The entries below should be transcribed exactly, every one of them.

* [Collected data entries]:
---
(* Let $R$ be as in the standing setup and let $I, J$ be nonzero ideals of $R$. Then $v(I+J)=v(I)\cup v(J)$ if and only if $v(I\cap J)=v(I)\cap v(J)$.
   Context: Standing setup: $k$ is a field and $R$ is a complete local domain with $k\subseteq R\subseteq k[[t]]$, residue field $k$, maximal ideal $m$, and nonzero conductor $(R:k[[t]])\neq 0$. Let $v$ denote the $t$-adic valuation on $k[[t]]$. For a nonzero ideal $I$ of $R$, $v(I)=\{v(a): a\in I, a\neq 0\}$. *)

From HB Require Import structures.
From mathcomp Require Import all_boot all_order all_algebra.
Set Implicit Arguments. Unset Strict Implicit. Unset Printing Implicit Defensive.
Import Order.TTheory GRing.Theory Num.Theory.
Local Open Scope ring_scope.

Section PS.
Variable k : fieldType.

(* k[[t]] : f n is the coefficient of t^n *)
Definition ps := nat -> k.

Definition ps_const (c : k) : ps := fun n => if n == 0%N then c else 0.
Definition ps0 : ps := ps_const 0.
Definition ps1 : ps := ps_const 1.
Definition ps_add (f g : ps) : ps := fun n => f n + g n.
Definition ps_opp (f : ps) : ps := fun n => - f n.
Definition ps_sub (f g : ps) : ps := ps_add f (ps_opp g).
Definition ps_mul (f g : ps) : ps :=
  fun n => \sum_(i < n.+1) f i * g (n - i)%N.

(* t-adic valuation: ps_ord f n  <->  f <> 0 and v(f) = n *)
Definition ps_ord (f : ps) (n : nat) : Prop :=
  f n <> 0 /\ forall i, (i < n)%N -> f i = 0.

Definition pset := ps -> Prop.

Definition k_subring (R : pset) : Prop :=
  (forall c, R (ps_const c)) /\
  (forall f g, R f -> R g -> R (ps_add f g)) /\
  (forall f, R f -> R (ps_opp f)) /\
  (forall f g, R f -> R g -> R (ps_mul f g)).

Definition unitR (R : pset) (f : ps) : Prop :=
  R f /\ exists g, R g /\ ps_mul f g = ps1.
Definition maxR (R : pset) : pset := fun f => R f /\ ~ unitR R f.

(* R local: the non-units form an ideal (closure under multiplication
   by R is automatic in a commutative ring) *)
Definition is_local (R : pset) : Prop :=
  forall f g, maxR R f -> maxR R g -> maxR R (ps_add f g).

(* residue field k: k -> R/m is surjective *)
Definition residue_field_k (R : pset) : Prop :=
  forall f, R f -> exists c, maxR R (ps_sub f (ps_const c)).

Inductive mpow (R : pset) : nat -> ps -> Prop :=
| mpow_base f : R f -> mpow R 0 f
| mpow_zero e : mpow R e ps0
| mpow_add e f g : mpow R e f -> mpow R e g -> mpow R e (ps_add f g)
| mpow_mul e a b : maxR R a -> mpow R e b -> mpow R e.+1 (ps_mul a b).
---
* [Exercise response]:
(* Let $R$ be as in the standing setup and let $I, J$ be nonzero ideals of $R$. Then $v(I+J)=v(I)\cup v(J)$ if and only if $v(I\cap J)=v(I)\cap v(J)$.
   Context: Standing setup: $k$ is a field and $R$ is a complete local domain with $k\subseteq R\subseteq k[[t]]$, residue field $k$, maximal ideal $m$, and nonzero conductor $(R:k[[t]])\neq 0$. Let $v$ denote the $t$-adic valuation on $k[[t]]$. For a nonzero ideal $I$ of $R$, $v(I)=\{v(a): a\in I, a\neq 0\}$. *)

From HB Require Import structures.
From mathcomp Require Import all_boot all_order all_algebra.
Set Implicit Arguments. Unset Strict Implicit. Unset Printing Implicit Defensive.
Import Order.TTheory GRing.Theory Num.Theory.
Local Open Scope ring_scope.

Section PS.
Variable k : fieldType.

(* k[[t]] : f n is the coefficient of t^n *)
Definition ps := nat -> k.

Definition ps_const (c : k) : ps := fun n => if n == 0%N then c else 0.
Definition ps0 : ps := ps_const 0.
Definition ps1 : ps := ps_const 1.
Definition ps_add (f g : ps) : ps := fun n => f n + g n.
Definition ps_opp (f : ps) : ps := fun n => - f n.
Definition ps_sub (f g : ps) : ps := ps_add f (ps_opp g).
Definition ps_mul (f g : ps) : ps :=
  fun n => \sum_(i < n.+1) f i * g (n - i)%N.

(* t-adic valuation: ps_ord f n  <->  f <> 0 and v(f) = n *)
Definition ps_ord (f : ps) (n : nat) : Prop :=
  f n <> 0 /\ forall i, (i < n)%N -> f i = 0.

Definition pset := ps -> Prop.

Definition k_subring (R : pset) : Prop :=
  (forall c, R (ps_const c)) /\
  (forall f g, R f -> R g -> R (ps_add f g)) /\
  (forall f, R f -> R (ps_opp f)) /\
  (forall f g, R f -> R g -> R (ps_mul f g)).

Definition unitR (R : pset) (f : ps) : Prop :=
  R f /\ exists g, R g /\ ps_mul f g = ps1.
Definition maxR (R : pset) : pset := fun f => R f /\ ~ unitR R f.

(* R local: the non-units form an ideal (closure under multiplication
   by R is automatic in a commutative ring) *)
Definition is_local (R : pset) : Prop :=
  forall f g, maxR R f -> maxR R g -> maxR R (ps_add f g).

(* residue field k: k -> R/m is surjective *)
Definition residue_field_k (R : pset) : Prop :=
  forall f, R f -> exists c, maxR R (ps_sub f (ps_const c)).

Inductive mpow (R : pset) : nat -> ps -> Prop :=
| mpow_base f : R f -> mpow R 0 f
| mpow_zero e : mpow R e ps0
| mpow_add e f g : mpow R e f -> mpow R e g -> mpow R e (ps_add f g)
| mpow_mul e a b : maxR R a -> mpow R e b -> mpow R e.+1 (ps_mul a b).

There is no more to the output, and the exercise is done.